• **Description of the task**:
Go through the records and copy each line where the string "pred" occurs.

(Extracted records)

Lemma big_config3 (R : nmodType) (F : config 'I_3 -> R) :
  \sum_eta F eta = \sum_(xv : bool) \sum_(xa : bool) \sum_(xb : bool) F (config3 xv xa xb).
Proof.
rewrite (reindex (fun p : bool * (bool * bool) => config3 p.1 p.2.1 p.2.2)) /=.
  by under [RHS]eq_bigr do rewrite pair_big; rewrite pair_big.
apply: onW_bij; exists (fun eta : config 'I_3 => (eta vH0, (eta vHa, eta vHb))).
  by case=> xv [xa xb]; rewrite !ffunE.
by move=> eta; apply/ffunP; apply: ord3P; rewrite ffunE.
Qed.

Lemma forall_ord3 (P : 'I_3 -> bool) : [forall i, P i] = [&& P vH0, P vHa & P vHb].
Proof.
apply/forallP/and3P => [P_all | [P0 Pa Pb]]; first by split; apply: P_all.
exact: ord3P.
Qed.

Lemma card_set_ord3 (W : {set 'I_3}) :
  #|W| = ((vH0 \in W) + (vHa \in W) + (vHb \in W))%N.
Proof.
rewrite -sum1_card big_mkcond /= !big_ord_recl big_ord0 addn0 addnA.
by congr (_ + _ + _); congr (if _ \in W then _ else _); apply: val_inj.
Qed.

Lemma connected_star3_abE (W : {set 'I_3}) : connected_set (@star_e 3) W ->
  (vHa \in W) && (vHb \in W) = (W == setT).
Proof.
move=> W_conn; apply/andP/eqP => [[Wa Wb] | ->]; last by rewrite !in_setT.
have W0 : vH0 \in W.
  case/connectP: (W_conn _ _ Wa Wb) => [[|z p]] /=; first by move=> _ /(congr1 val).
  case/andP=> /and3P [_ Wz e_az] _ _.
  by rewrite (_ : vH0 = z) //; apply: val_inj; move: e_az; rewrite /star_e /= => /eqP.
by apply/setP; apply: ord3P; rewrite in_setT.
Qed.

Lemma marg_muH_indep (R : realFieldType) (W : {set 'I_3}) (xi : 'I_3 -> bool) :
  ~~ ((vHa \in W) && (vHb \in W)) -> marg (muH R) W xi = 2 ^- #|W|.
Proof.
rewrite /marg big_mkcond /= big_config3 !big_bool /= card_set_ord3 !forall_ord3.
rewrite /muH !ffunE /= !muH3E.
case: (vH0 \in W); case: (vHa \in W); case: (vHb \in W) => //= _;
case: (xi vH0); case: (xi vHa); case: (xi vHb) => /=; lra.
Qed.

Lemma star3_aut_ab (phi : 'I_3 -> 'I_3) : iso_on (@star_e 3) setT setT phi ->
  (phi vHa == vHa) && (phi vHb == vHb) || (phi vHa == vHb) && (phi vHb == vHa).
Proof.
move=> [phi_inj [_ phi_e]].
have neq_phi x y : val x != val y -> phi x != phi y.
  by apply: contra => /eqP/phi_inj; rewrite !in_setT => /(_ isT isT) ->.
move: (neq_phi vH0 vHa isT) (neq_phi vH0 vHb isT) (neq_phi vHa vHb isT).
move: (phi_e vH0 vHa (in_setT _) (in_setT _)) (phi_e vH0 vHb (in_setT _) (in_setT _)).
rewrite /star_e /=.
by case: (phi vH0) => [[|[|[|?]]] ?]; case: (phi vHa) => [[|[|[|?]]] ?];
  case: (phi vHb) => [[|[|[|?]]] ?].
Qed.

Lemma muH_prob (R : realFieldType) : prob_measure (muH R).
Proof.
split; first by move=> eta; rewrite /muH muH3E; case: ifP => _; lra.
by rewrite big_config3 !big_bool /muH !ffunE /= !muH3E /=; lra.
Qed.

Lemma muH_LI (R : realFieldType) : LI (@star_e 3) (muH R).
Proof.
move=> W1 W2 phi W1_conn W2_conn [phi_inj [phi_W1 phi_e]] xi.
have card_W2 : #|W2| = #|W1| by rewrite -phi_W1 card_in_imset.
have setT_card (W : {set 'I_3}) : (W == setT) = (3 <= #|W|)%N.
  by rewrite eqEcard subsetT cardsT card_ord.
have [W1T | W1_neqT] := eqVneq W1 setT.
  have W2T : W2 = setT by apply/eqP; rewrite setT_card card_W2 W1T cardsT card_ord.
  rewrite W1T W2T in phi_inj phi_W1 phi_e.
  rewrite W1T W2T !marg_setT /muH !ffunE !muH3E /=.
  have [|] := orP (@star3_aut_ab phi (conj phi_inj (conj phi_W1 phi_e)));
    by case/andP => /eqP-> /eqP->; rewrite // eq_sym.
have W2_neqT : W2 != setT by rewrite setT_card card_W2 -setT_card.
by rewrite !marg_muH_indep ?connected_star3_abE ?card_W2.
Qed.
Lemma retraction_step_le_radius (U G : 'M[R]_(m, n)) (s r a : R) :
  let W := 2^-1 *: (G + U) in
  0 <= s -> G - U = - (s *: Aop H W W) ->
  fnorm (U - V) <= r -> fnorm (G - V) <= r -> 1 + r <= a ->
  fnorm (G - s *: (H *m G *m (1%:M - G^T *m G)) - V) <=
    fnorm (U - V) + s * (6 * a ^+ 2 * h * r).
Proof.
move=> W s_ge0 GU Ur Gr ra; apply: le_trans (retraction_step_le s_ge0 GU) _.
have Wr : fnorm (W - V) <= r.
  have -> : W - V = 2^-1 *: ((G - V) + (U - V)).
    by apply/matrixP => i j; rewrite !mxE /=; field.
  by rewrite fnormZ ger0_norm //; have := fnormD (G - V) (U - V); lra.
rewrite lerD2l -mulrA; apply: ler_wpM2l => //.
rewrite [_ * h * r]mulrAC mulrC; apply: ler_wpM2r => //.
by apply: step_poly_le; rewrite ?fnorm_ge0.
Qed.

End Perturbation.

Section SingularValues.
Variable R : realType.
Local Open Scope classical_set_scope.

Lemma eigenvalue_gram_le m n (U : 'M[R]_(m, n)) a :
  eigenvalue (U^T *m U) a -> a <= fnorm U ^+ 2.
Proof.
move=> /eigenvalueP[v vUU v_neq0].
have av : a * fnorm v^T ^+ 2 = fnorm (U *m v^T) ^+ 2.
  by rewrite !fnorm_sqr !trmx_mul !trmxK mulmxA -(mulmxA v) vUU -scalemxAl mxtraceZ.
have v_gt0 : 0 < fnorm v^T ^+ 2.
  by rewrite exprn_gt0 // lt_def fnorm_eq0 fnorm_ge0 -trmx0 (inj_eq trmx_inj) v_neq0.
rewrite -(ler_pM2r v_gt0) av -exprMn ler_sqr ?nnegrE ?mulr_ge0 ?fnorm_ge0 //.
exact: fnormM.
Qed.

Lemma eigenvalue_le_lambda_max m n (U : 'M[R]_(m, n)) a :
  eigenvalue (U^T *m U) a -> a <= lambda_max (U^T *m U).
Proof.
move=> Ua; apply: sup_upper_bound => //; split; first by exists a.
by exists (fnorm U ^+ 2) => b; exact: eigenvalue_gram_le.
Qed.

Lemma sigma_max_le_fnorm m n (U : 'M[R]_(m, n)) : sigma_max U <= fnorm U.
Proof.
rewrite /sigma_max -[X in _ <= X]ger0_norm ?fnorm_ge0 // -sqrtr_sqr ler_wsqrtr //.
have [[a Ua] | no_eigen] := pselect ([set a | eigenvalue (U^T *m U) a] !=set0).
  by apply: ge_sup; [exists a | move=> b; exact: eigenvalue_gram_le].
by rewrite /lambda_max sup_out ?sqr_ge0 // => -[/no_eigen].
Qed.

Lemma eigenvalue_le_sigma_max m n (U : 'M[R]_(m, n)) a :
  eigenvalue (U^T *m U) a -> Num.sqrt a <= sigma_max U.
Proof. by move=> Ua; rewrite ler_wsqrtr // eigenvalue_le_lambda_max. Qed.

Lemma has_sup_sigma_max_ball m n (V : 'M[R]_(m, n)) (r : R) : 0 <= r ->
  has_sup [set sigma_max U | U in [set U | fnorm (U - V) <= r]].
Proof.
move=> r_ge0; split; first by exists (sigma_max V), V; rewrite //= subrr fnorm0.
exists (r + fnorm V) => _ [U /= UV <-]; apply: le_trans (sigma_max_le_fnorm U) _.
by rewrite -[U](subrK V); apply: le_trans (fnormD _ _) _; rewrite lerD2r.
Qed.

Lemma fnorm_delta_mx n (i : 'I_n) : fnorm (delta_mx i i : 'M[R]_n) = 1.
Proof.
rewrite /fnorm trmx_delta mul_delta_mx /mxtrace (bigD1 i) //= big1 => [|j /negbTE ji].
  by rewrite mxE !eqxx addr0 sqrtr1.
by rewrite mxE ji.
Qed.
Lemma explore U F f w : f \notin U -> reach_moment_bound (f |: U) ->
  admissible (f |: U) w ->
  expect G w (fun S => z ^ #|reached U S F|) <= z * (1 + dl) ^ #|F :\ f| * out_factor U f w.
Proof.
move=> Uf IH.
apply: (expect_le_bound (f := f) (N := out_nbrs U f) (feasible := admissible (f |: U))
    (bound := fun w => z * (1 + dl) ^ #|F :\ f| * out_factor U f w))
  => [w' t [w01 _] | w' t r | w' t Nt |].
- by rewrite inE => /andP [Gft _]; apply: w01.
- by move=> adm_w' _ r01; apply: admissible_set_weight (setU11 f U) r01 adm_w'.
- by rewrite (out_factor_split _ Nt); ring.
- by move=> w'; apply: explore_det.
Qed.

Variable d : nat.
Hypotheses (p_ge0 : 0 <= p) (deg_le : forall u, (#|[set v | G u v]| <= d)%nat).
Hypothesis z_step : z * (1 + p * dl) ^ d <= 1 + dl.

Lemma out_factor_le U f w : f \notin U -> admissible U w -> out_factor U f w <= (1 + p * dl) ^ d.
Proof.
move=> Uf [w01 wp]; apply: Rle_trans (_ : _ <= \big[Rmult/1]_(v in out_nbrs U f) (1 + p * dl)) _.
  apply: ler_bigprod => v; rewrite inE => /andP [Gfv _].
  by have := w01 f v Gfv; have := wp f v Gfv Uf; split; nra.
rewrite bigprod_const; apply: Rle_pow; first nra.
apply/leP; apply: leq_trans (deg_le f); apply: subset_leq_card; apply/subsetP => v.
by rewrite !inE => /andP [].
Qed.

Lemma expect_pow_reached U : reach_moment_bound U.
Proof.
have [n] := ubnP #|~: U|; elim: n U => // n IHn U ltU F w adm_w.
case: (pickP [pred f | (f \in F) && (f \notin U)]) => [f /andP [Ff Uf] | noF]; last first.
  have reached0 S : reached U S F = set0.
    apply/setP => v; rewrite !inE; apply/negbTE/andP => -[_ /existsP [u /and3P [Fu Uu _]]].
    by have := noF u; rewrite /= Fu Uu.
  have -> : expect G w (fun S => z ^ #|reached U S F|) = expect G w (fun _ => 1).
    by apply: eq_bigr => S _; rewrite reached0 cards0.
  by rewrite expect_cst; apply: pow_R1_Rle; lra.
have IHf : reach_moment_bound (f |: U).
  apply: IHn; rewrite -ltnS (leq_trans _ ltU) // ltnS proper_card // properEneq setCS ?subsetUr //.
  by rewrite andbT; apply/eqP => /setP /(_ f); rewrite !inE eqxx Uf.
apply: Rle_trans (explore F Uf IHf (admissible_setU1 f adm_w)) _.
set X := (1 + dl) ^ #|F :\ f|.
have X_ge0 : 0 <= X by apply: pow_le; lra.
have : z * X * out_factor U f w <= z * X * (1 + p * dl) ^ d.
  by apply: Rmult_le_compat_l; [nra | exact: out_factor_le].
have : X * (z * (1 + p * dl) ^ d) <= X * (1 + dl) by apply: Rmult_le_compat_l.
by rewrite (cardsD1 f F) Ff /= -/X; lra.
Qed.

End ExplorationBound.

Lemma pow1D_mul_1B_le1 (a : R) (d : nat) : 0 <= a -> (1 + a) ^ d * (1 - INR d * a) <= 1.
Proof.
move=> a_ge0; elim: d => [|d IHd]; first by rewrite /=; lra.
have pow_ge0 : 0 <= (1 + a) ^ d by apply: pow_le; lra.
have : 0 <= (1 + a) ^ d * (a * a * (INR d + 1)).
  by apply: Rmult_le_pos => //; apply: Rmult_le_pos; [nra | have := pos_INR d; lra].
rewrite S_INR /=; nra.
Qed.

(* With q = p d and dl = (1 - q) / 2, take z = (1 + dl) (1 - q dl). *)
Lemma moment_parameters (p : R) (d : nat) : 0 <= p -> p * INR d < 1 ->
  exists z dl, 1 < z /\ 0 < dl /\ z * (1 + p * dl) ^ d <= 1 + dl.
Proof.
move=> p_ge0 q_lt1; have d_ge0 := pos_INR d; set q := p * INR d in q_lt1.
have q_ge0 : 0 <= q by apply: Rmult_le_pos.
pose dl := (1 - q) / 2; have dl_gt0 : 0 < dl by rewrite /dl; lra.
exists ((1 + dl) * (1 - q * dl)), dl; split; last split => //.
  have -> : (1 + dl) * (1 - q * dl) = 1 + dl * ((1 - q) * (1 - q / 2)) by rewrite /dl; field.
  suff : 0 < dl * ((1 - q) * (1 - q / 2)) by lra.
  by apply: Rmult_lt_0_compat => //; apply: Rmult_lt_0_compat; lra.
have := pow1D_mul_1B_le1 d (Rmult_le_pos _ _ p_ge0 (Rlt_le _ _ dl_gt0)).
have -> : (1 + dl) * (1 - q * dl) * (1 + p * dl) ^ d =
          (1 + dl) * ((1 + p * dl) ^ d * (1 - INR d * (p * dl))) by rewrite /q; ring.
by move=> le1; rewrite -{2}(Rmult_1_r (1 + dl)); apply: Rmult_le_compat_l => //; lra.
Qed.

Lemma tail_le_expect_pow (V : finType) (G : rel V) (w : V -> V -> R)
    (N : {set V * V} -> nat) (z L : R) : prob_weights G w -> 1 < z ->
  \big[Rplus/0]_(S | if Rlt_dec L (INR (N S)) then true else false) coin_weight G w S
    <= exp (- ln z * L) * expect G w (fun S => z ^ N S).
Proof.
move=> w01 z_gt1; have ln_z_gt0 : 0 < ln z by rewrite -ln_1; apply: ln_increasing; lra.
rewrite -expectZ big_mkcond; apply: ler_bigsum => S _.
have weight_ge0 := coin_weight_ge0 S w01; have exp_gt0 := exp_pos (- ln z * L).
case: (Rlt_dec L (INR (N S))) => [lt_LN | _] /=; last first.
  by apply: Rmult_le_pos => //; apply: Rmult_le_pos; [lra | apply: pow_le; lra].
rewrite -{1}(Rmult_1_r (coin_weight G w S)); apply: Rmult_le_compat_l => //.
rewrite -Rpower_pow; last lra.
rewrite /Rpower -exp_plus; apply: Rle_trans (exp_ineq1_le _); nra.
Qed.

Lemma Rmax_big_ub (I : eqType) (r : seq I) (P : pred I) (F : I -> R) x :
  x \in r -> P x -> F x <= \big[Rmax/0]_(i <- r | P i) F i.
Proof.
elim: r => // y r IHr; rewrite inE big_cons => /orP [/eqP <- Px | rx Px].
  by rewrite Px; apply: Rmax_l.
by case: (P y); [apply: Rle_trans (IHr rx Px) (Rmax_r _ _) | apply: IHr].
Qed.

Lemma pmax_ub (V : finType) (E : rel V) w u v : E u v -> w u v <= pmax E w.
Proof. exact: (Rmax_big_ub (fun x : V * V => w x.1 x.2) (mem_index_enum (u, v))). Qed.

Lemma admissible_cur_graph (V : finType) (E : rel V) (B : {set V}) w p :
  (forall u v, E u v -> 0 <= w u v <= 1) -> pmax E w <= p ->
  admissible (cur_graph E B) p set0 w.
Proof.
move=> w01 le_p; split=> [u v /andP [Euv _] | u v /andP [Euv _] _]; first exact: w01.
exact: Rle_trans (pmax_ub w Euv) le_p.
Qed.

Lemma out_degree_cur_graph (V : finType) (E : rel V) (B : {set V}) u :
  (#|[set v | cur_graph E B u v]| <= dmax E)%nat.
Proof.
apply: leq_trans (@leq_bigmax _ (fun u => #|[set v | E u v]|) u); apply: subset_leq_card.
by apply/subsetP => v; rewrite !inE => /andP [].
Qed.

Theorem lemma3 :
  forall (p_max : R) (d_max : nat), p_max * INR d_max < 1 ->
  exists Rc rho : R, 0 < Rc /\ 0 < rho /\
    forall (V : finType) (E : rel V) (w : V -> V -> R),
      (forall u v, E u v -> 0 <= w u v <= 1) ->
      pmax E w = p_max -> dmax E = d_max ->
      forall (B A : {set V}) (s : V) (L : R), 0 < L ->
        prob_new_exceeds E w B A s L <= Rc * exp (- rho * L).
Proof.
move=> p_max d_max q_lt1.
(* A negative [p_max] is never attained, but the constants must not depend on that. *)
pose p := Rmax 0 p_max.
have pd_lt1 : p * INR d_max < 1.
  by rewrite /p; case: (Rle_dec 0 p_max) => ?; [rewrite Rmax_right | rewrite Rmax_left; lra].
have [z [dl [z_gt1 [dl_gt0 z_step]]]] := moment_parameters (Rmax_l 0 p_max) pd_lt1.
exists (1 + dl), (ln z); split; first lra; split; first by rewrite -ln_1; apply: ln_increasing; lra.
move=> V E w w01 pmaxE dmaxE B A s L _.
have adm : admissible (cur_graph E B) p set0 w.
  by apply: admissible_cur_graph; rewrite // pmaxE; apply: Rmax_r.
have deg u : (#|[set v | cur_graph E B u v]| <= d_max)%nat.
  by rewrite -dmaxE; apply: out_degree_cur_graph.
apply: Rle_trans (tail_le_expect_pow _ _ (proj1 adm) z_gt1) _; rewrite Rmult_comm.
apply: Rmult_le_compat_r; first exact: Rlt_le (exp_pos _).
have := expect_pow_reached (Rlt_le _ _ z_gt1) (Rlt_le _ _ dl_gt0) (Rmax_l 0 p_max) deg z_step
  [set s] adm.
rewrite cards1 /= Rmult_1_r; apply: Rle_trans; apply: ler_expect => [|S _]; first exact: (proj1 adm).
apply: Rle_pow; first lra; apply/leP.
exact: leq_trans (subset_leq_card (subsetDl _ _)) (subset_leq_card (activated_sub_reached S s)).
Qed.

• **Result for this exercise**:
case: (pickP [pred f | (f \in F) && (f \notin U)]) => [f /andP [Ff Uf] | noF]; last first.
Lemma Rmax_big_ub (I : eqType) (r : seq I) (P : pred I) (F : I -> R) x :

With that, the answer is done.